### Data provided
══════
(* Let $\mathscr{a}\in\mathbb{R}$, $\mathscr{b}\in(\mathscr{a},\infty)$, for $\theta=(\theta_1,\theta_2,\theta_3,\theta_4)\in\mathbb{R}^4$ and $x\in\mathbb{R}$ let $\mathscr{N}^\theta(x)=\theta_3\max\{\theta_1x+\theta_2,0\}+\theta_4$ and $I^\theta=\{x\in[\mathscr{a},\mathscr{b}]\colon\theta_1x+\theta_2>0\}$, let $\lambda$ be the Lebesgue–Borel measure on $\mathbb{R}$, and let $(\theta_n)_{n\in\mathbb{N}}\subseteq\mathbb{R}^4$, $\theta_n=(\theta_{n,1},\theta_{n,2},\theta_{n,3},\theta_{n,4})$, and $h\in C([\mathscr{a},\mathscr{b}],\mathbb{R})$ satisfy $\lim_{n\to\infty}\sup_{x\in[\mathscr{a},\mathscr{b}]}|\mathscr{N}^{\theta_n}(x)-h(x)|=0$, where $h$ is not constant. Then there exists $\vartheta=(\vartheta_1,\dots,\vartheta_4)\in\mathbb{R}^4$ such that $\mathscr{N}^\vartheta|_{[\mathscr{a},\mathscr{b}]}=h$, $\lim_{n\to\infty}|\theta_{n,1}\theta_{n,3}-\vartheta_1\vartheta_3|=0$, and $\lim_{n\to\infty}\lambda(I^{\theta_n}\,\Delta\,I^\vartheta)=0$.
   Context: $A\,\Delta\,B$ denotes the symmetric difference of sets. *)

From HB Require Import structures.
From mathcomp Require Import all_boot all_order all_algebra.
From mathcomp Require Import all_classical all_reals all_analysis.
Set Implicit Arguments. Unset Strict Implicit. Unset Printing Implicit Defensive.
Import Order.TTheory GRing.Theory Num.Theory.
Import numFieldNormedType.Exports.
Local Open Scope classical_set_scope.
Local Open Scope ring_scope.

Definition param (R : realType) := (R * R * R * R)%type.

Definition th1 {R : realType} (t : param R) : R := t.1.1.1.
Definition th2 {R : realType} (t : param R) : R := t.1.1.2.
Definition th3 {R : realType} (t : param R) : R := t.1.2.
Definition th4 {R : realType} (t : param R) : R := t.2.

Definition realization {R : realType} (t : param R) (x : R) : R :=
  th3 t * Num.max (th1 t * x + th2 t) 0 + th4 t.

Definition active_set {R : realType} (a b : R) (t : param R) : set R :=
  [set x | x \in `[a, b] /\ 0 < th1 t * x + th2 t].

From HB Require Import structures.
From mathcomp Require Import all_boot all_order all_algebra.
From mathcomp Require Import all_classical all_reals all_analysis.
From mathcomp Require Import ring lra measurable_realfun.
Import Order.TTheory GRing.Theory Num.Theory.
Import numFieldNormedType.Exports.
Local Open Scope classical_set_scope.
Local Open Scope ring_scope.

(* Every approximant N^t with t1 >= 0 is constant left of its kink and affine
   right of it; if t1 < 0 the same holds after the reflection x |-> a + b - x.
   Being approximable in one orientation is monotone in the tolerance, so one
   orientation works for all tolerances, say the first.  Then h is affine on
   [y, b] whenever h y <> h a, and continuity at T = inf {y | h y <> h a}
   glues the constant and affine pieces: h x = S max(x - T, 0) + h a, which
   is a realization N^v.
   The slope v1 v3 is nonzero since h is not constant.  If N^t is uniformly
   d-close to h and x is at distance >= e from a, b and the kink of v, then
   N^t and N^v have the same activity at x once d is small compared with e:
   otherwise, at one of x - e, x + e, one of N^t, h stays flat while the other
   moves by more than 2d.  Hence the symmetric difference of the active sets
   lies in three balls of radius e, and comparing N^t with h at two points
   where both are active gives the convergence of the slopes. *)

Section realization.
Context {R : realType}.
Implicit Types (a b x y : R) (t : param R).

Definition preact t x := th1 t * x + th2 t.
Definition slope t := th1 t * th3 t.

Lemma realization_inactive t x : preact t x <= 0 -> realization t x = th4 t.
Proof. by move=> tx; rewrite /realization max_r // mulr0 add0r. Qed.

Lemma realization_active t x :
  0 <= preact t x -> realization t x = slope t * x + (th3 t * th2 t + th4 t).
Proof. by move=> tx; rewrite /realization max_l // /slope; ring. Qed.

Lemma realizationB_active t x y : 0 <= preact t x -> 0 <= preact t y ->
  realization t y - realization t x = slope t * (y - x).
Proof. by move=> tx ty; rewrite !realization_active //; ring. Qed.

Lemma maxr0_lipschitz (u u' : R) : `|Num.max u 0 - Num.max u' 0| <= `|u - u'|.
Proof.
have h1 := ler_norm (u - u'); have h2 := ler_norm (u' - u); rewrite distrC in h2.
rewrite ler_norml; apply/andP.
case: (lerP 0 u) => [hu|hu]; rewrite ?(max_l hu) ?(max_r (ltW hu));
by case: (lerP 0 u') => [hu'|hu']; rewrite ?(max_l hu') ?(max_r (ltW hu')); split; lra.
Qed.

Lemma realization_lipschitz t x y :
  `|realization t y - realization t x| <= `|slope t| * `|y - x|.
Proof.
have -> : realization t y - realization t x =
    th3 t * (Num.max (preact t y) 0 - Num.max (preact t x) 0).
  by rewrite /realization; ring.
rewrite normrM /slope normrM (mulrC `|th1 t|) -mulrA ler_wpM2l //.
apply: le_trans (maxr0_lipschitz _ _) _.
by rewrite -normrM /preact (_ : _ - _ = th1 t * (y - x)) //; ring.
Qed.

Definition reflect_param a b t : param R :=
  (- th1 t, th1 t * (a + b) + th2 t, th3 t, th4 t).

Lemma realization_reflect a b t x :
  realization (reflect_param a b t) x = realization t (a + b - x).
Proof.
by rewrite /realization /th1 /th2 /th3 /th4 /=; congr (_ * Num.max _ _ + _); ring.
Qed.

End realization.

Section closeness.
Context {R : realType}.
Implicit Types (a b c d e r s u x y : R) (f g h : R -> R).

Definition close_on a b d f g := forall x, x \in `[a, b] -> `|f x - g x| <= d.

Lemma close_on_sym {a b d f g} : close_on a b d f g -> close_on a b d g f.
Proof. by move=> hfg x /hfg; rewrite distrC. Qed.

Lemma close_onB {a b d f g x y} : close_on a b d f g ->
  x \in `[a, b] -> y \in `[a, b] -> `|g y - g x| <= 2 * d + `|f y - f x|.
Proof.
move=> hfg /hfg hx /hfg hy.
rewrite (_ : g y - g x = (f y - f x) - (f y - g y) + (f x - g x)); last by ring.
have := ler_normD (f y - f x - (f y - g y)) (f x - g x).
have := ler_normB (f y - f x) (f y - g y); lra.
Qed.

Lemma reflect_itv {a b x} : x \in `[a, b] -> a + b - x \in `[a, b].
Proof. by rewrite !in_itv /= => /andP[? ?]; apply/andP; split; lra. Qed.

Lemma exists_near_left {u x r} : u < x -> 0 < r -> exists y, u < y < x /\ `|y - x| < r.
Proof.
move=> ux r0; set m := Num.min r (x - u).
have m0 : 0 < m by rewrite lt_min r0 subr_gt0.
have [mr mxu] : m <= r /\ m <= x - u by rewrite !ge_min !lexx orbT.
exists (x - m / 2); rewrite (_ : _ - x = - (m / 2)) ?normrN ?gtr0_norm; [|lra|ring].
by split; [apply/andP; split|]; lra.
Qed.

Lemma exists_near_right {u x r} : x < u -> 0 < r -> exists y, x < y < u /\ `|y - x| < r.
Proof.
move=> xu r0; have nxu : - u < - x by rewrite ltrN2.
have [y [/andP[? ?] yx]] := exists_near_left nxu r0.
exists (- y); split; first by apply/andP; split; lra.
by rewrite (_ : - y - x = - (y - - x)) ?normrN //; ring.
Qed.

(* Unlike {within `[a, b], continuous h}, this epsilon-delta form transfers
   trivially along the reflection x |-> a + b - x. *)
Definition eps_delta_continuous a b h := forall x, x \in `[a, b] ->
  forall e, 0 < e -> exists2 d, 0 < d &
    forall y, y \in `[a, b] -> `|y - x| < d -> `|h y - h x| < e.

Lemma within_continuous_eps_delta {a b h} :
  {within `[a, b], continuous h} -> eps_delta_continuous a b h.
Proof.
move=> /subspace_continuousP hc x xab e e0.
have := hc x; rewrite /= inE => /(_ xab) /cvgrPdist_lt/(_ e e0).
rewrite near_withinE => /nbhs_ballP[d d0 Hd].
exists d => // y yab yx.
by rewrite distrC; apply: Hd; rewrite ?inE // -ball_normE /ball /= distrC.
Qed.

Lemma eps_delta_continuous_reflect {a b h} :
  eps_delta_continuous a b h -> eps_delta_continuous a b (fun x => h (a + b - x)).
Proof.
move=> hc x xab e e0; have [d d0 Hd] := hc _ (reflect_itv xab) e e0.
exists d => // y yab yx; apply: Hd; first exact: reflect_itv.
by rewrite (_ : _ - _ = - (y - x)) ?normrN //; ring.
Qed.

Lemma eq_of_eps_delta_approach {a b h x} c s : eps_delta_continuous a b h ->
  x \in `[a, b] ->
  (forall r, 0 < r ->
    exists2 y, y \in `[a, b] /\ `|y - x| < r & h y = c + s * (y - x)) ->
  h x = c.
Proof.
move=> hc xab happ; apply/eqP; rewrite -subr_eq0 -normr_le0.
apply/ler_addgt0Pr => e e0; rewrite add0r.
have [d d0 Hd] := hc x xab (e / 2) ltac:(lra).
have s1 : 0 < `|s| + 1 by have := normr_ge0 s; lra.
set r := Num.min d (e / 2 / (`|s| + 1)).
have r0 : 0 < r by rewrite lt_min d0 !divr_gt0.
have sr : (`|s| + 1) * r <= e / 2 by rewrite mulrC -ler_pdivlMr // ge_min lexx orbT.
have [y [yab yx] hy] := happ r r0.
have Hy : `|h y - h x| < e / 2 by apply: Hd yab (lt_le_trans yx _); rewrite ge_min lexx.
have syx : `|s| * `|y - x| <= `|s| * r by rewrite ler_wpM2l // ltW.
rewrite (_ : h x - c = (h x - h y) + s * (y - x)); last by rewrite hy; ring.
by apply: le_trans (ler_normD _ _) _; rewrite distrC normrM; lra.
Qed.

End closeness.

Section affine_tails.
Context {R : realType}.
Implicit Types (a b c d s x y : R) (h : R -> R) (t : param R).

Definition affine_on y b h :=
  exists s, forall p q, p \in `[y, b] -> q \in `[y, b] -> h q - h p = s * (q - p).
══════
### What this task involves
Within the data above, the span starting at the line containing "move=> hc xab" and ending at the line containing "have r0 : 0" is to be retyped exactly, with no other lines.

### Task answer
move=> hc xab happ; apply/eqP; rewrite -subr_eq0 -normr_le0.
apply/ler_addgt0Pr => e e0; rewrite add0r.
have [d d0 Hd] := hc x xab (e / 2) ltac:(lra).
have s1 : 0 < `|s| + 1 by have := normr_ge0 s; lra.
set r := Num.min d (e / 2 / (`|s| + 1)).
have r0 : 0 < r by rewrite lt_min d0 !divr_gt0.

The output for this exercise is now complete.